J16.3 The National Disaster Preparedness Training Center: Training for a Weather-Ready Nation

Wednesday, 13 January 2016: 1:45 PM
Room 353 ( New Orleans Ernest N. Morial Convention Center)
Owen H. Shieh, National Disaster Preparedness Training Center, Honolulu, HI; and T. Bedard

The National Disaster Preparedness Training Center (NDPTC) is the member of the National Domestic Preparedness Consortium that is tasked to develop and deliver Federal Emergency Management Agency (FEMA) certified training courses for the United States and its flag and trust territories to help the nation prepare for, respond to, recover from, and mitigate against natural hazards. NDPTC training courses are mobile and instructor led, reaching over 18,000 state and local emergency managers, responders, and citizens in the “whole community” across the nation since 2010. As a Weather-Ready Nation Ambassador, the NDPTC contributes to the education and outreach mission of the National Weather Service (NWS), providing discussion and activity-based training opportunities at no charge to participants, which complements the existing outreach efforts of local Weather Forecast Offices. This talk provides an overview of NDPTC and its training philosophy for the purpose of exploring ideas for productive partnerships. Feedback is invited on how to better integrate nationally standardized training into local training paradigms and into the Weather-Ready Nation initiative.

The NDPTC Weather & Climate Program has developed a series of nationally standardized, FEMA-certified training courses following the process established by the FEMA National Training and Education Division. Subject matter experts contribute to the development of course content, including presentation slides, instructor guides, participant guides, and handouts. After passing the demo and target audience pilot phases, the course undergoes a rigorous third-party FEMA review. Feedback form the relevant entities within the NWS are also solicited. After the final course is edited and submitted, FEMA issues a course number for the training, which can be requested and delivered in any U.S. state and territory with approval from the State Administrative Agency/Training Point of Contact.
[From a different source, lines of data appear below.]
Theorem corollary6p3 (k : comNzRingType) (H : comAlgType k)
  (delta : H -> seq (H * H)) (eps : H -> k) (S : H -> H) (pi : nat -> H -> H)
  (hH : is_cc_graded_hopf delta eps S pi)
  (SQ : seq nat -> qsym k) (hSQ : is_QSym_antipode SQ) :
  forall h : H,
    comp_fsum_eq (fun alpha => epsP (SQ alpha) *: xi delta eps pi alpha h) (S h).
Proof.
move=> h; apply: eq_comp_fsum (antipode_xi_fsum hH h) => a ca.
by rewrite (epsP_antipode hSQ ca).
Qed.
Lemma rk_set0 : rk set0 = 0.
Proof.
have cn0 x y : cn set0 x y -> x = y.
  by case/connectP => -[_ ->|z p] //= /andP[/existsP[g]]; rewrite inE.
rewrite /Defs.rk ncompE /n_comp_mem.
suff -> : #|predI (roots (adj ends set0)) V| = #|V| by rewrite subnn.
apply: eq_card => x.
by rewrite !inE andbT /roots; apply/eqP/esym/cn0/connect_root.
Qed.

Lemma is_rank_graph : is_rank rk.
Proof.
split=> [|A f|A B f sAB]; first exact: rk_set0.
  by rewrite rk_setU1; case: (~~ _); rewrite ?addn0 ?addn1 leqnn leqnSn.
rewrite !rk_setU1 !addKn.
case cA: (cn A _ _); last exact: leq_b1.
by rewrite (connect_adj_mono sAB cA).
Qed.

End GraphicRank.

Section Cycles.
Variables (V E : finType) (ends : E -> V * V).
Local Notation cn A := (connect (adj ends A)).
Local Notation rk := (rk ends).

Lemma cycle_dep l : cycle_of_len ends l -> exists2 X : {set E}, #|X| = l & rk X < #|X|.
Proof.
move=> /existsP[vs /existsP[es /and4P[]]].
case: l vs es => // L vs es _ _ ues /forallP cyc.
pose v0 := tnth vs ord0; pose e0 := tnth es ord0.
have joins_j j : j < L.+1 ->
    joins ends (nth e0 es j) (nth v0 vs j) (nth v0 vs (j.+1 %% L.+1)).
  move=> ltjL; have := cyc (Ordinal ltjL); rewrite (tnth_nth e0) (tnth_nth v0) /=.
  by rewrite (set_nth_default v0) // size_tuple ltn_pmod.
pose P := [set x in take L es].
exists [set x in es]; first by rewrite cardsE (card_uniqP ues) size_tuple.
have esE : [set x in es] = nth e0 es L |: P.
  have es_rcons : tval es = rcons (take L es) (nth e0 es L).
    by rewrite -take_nth ?size_tuple // take_oversize ?size_tuple.
  apply/setP => z; rewrite !inE -[z \in es]/(z \in tval es) [in LHS]es_rcons.
  by rewrite mem_rcons inE.
have cardP : #|P| <= L.
  by rewrite cardsE (leq_trans (card_size _)) // size_take size_tuple ltnSn.
have cn_path j : j <= L -> cn P (nth v0 vs 0) (nth v0 vs j).
  elim: j => [|j IHj] ltjL; first exact: connect0.
  apply: (connect_trans (IHj (ltnW ltjL))); apply: connect1.
  have := joins_j j (ltnW ltjL); rewrite modn_small ?ltnS // => jn.
  apply/existsP; exists (nth e0 es j); rewrite jn andbT inE -(nth_take e0 ltjL).
  by apply: mem_nth; rewrite size_take size_tuple ltnS leqnn.
have cn_last : cn P (ends (nth e0 es L)).1 (ends (nth e0 es L)).2.
  have := joins_j L (leqnn _); rewrite modnn /joins.
  case/orP=> /eqP->; last exact: cn_path.
  by rewrite (sym_connect_sym (adj_sym ends P)); exact: cn_path.
rewrite cardsE (card_uniqP ues) size_tuple esE rk_setU1 cn_last addn0 ltnS.
exact: leq_trans (rk_le_card (is_rank_graph ends) P) cardP.
Qed.

Lemma dep_edge X : rk X < #|X| ->
  exists2 e, e \in X & cn (X :\ e) (ends e).1 (ends e).2.
Proof.
elim/finset_ind: X => [|x X xX IH]; first by rewrite rk_set0 cards0.
rewrite rk_setU1 cardsU1 xX add1n; case cx: (cn X _ _) => /=.
  by move=> _; exists x; rewrite ?setU11 // setU1K.
rewrite addn1 ltnS => /IH[f fX cf]; exists f; first by rewrite setU1r.
by apply: connect_adj_mono cf; apply: setSD; apply: subsetUr.
Qed.

Lemma joins_ends_eq f a b c d :
  joins ends f a b -> joins ends f c d -> (c == a) || (c == b).
Proof.
by rewrite /joins => /orP[] /eqP-> /orP[] /eqP[] -> ->; rewrite eqxx ?orbT.
Qed.

Section PathEdges.
Variables (Y : {set E}) (e : E).

Definition pick_edge (x y : V) : E := odflt e [pick f in Y | joins ends f x y].

Lemma pick_edgeP x y :
  adj ends Y x y -> pick_edge x y \in Y /\ joins ends (pick_edge x y) x y.
Proof.
case/existsP=> f /andP[fY j]; rewrite /pick_edge.
by case: pickP => [g /andP[gY gj] | /(_ f)] //; rewrite fY j.
Qed.

Lemma mem_pick_edges s x f : path (adj ends Y) x s -> f \in pairmap pick_edge x s ->
  exists a b, [/\ a \in x :: s, b \in x :: s, joins ends f a b & f \in Y].
Proof.
elim: s x => [|y s IH] x //= /andP[axy ps]; rewrite inE => /orP[/eqP-> | fs].
  have [pY j] := pick_edgeP axy; exists x, y; split => //; by rewrite !inE eqxx ?orbT.
have [a [b [ha hb j fY]]] := IH y ps fs; exists a, b.
by split => //; rewrite inE ?ha ?hb orbT.
Qed.

Lemma uniq_pick_edges s x :
  path (adj ends Y) x s -> uniq (x :: s) -> uniq (pairmap pick_edge x s).
Proof.
elim: s x => [|y s IH] x //= /andP[axy ps] /andP[xs us]; rewrite IH // andbT.
apply/negP => /(mem_pick_edges ps) [a [b [ha hb j _]]].
have [_ /(joins_ends_eq j)] := pick_edgeP axy.
by case/orP=> /eqP ex; move: xs; rewrite ex ?ha ?hb.
Qed.

End PathEdges.

Lemma dep_cycle X : rk X < #|X| -> exists2 l, l <= #|X| & cycle_of_len ends l.
Proof.
move=> depX; have [e eX] := dep_edge depX.
set Y := X :\ e; set u := (ends e).1; set v := (ends e).2.
case/connectP=> p0 /shortenP[p pYp up _] lastp.
pose vs := u :: p; pose es := rcons (pairmap (pick_edge Y e) u p) e.
have size_es : size es = size vs by rewrite size_rcons size_pairmap.
have pY : {subset pairmap (pick_edge Y e) u p <= Y}.
  by move=> f /(mem_pick_edges pYp) [a [b [_ _ _ ->]]].
have ues : uniq es.
  by rewrite rcons_uniq uniq_pick_edges // andbT; apply/negP => /pY; rewrite !inE eqxx.
exists (size vs).
  rewrite -size_es -(card_uniqP ues) -cardsE; apply: subset_leq_card.
  apply/subsetP => f; rewrite inE mem_rcons inE => /orP[/eqP-> // | /pY].
  by rewrite inE => /andP[].
apply/existsP; exists (in_tuple vs); apply/existsP; exists (Tuple (introT eqP size_es)).
apply/and4P; split => //=; apply/forallP => j; rewrite (tnth_nth u) (tnth_nth e) /=.
rewrite (set_nth_default u) ?ltn_pmod //.
have [jp | pj] := ltnP j (size p).
  rewrite nth_rcons size_pairmap jp (nth_pairmap u) // modn_small //.
  by have [_] := pick_edgeP e ((pathP u pYp) _ jp).
have -> : nat_of_ord j = size p by apply/eqP; rewrite eqn_leq pj -ltnS ltn_ord.
rewrite nth_rcons size_pairmap ltnn eqxx modnn /=.
have := nth_last u (u :: p); rewrite /= => ->; rewrite -lastp /joins.
by rewrite /u /v -surjective_pairing eqxx orbT.
Qed.

Lemma girth_gt_small_indep (Hc : has_cycle ends) k :
  k < girth Hc <-> small_indep rk setT k.
Proof.
have rkP := is_rank_graph ends.
rewrite /girth; case: ex_minnP => g cyc_g min_g; split=> [lt_kg X _ cardX | small_k].
  rewrite /indep eqn_leq rk_le_card //= leqNgt; apply/negP.
  by case/dep_cycle=> l lX /min_g; lia.
rewrite ltnNge; apply/negP => le_gk; have [X cardX depX] := cycle_dep cyc_g.
by have /eqP := small_k X (subsetT X) (leq_trans (eq_leq cardX) le_gk); lia.
Qed.

End Cycles.

Local Open Scope ring_scope.

Lemma tutte_x1E (V E : finType) (ends : E -> V * V) :
  tutte_x1 ends = rank_tutte_x1 (rk ends) setT.
Proof.
rewrite /tutte_x1 /tutte (_ : (fun p : {poly int} => p.[1]) = horner_eval 1) //.
rewrite raddf_sum /rank_tutte_x1 [RHS]big_mkcond /=; apply: eq_bigr => A _.
rewrite rmorphM rmorphXn rmorphB /= map_polyX rmorph1 map_polyC /=.
rewrite horner_evalE horner_exp !hornerE subrr expr0n subsetT /= /indep /grank.
have := rk_le_card (is_rank_graph ends) A.
have [-> _ | ne_rk le_rk] := eqVneq (rk ends A) #|A|.
  by rewrite subnn eqxx polyC1 mulr1.
by rewrite subn_eq0 leqNgt ltn_neqAle ne_rk le_rk polyC0 mulr0.
Qed.

Lemma binz_uniform_coef m r i : (r < m)%N ->
  binz (m%:Z - i%:Z - 1) (r%:Z - i%:Z) = (uniform_coef m r i)%:Z.
Proof.
move=> rm; rewrite /binz /uniform_coef; case: leqP => [ir | ri].
  have -> : r%:Z - i%:Z = (r - i)%N by lia.
  by have -> : m%:Z - i%:Z - 1 = (m.-1 - i)%N by lia.
by have -> : (0 <= r%:Z - i%:Z) = false by lia.
Qed.

Theorem corollary3p8 (V E : finType) (ends : E -> V * V)
    (Hc : has_cycle ends) (i : nat) :
  (#|V|%:Z - (ncomp ends [set: E])%:Z - i%:Z < (girth Hc)%:Z) <->
  (tutte_x1 ends)`_i
    = binz (#|E|%:Z - i%:Z - 1) (#|V|%:Z - (ncomp ends [set: E])%:Z - i%:Z).
Proof.
have rkP := is_rank_graph ends.
have rkE : #|V|%:Z - (ncomp ends [set: E])%:Z = (rk ends setT)%:Z.
  by rewrite /rk; have := ncomp_le_card ends setT; lia.
have rk_lt : (rk ends setT < #|E|)%N.
  case: Hc => l /cycle_dep[X _ depX].
  rewrite -cardsT; exact: (rk_lt_card rkP (subsetT X) depX).
have girth_gt0 := (girth_gt_small_indep Hc 0).2 (small_indep0 rkP (S := setT)).
have [_ eq_coefP] := rank_tutte_coef_spec_holds setT i rkP.
rewrite tutte_x1E rkE binz_uniform_coef // -cardsT eq_coefP -(girth_gt_small_indep Hc).
lia.
Qed.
The courses are either 4 hours or 8 hours long. Some are broad in scope, whereas others are specific to a certain weather hazard, all led by two instructors (one meteorologist and one emergency manager or responder), or by one instructor with experience in both science and operations/training.

Aside from education and outreach, the NDPTC Weather & Climate Program has also been at the forefront of establishing innovative academic/public/private partnerships. The program draws on both the academic and private sectors to fill instructor positions, in addition to collaborative efforts with the NWS. Furthermore, NDPTC's new facility within the NOAA Inouye Regional Center in Pearl Harbor has allowed partnerships between NOAA/NWS and the Department of Defense. In 2015, the NDPTC founded the Joint Science Internship for Pacific Resilience and Security, which brings earth science and engineering upperclassmen from the U.S. military service academies to NDPTC for an intensive 3-week program that motivates the new generation of scientist-leaders to think critically and apply their education to the most pressing civil-military issues in the fields of natural hazards science and management. Through efforts in both training and partnership building, the NDPTC bridges the gap between science and decision-making and contributes toward a Weather-Ready Nation.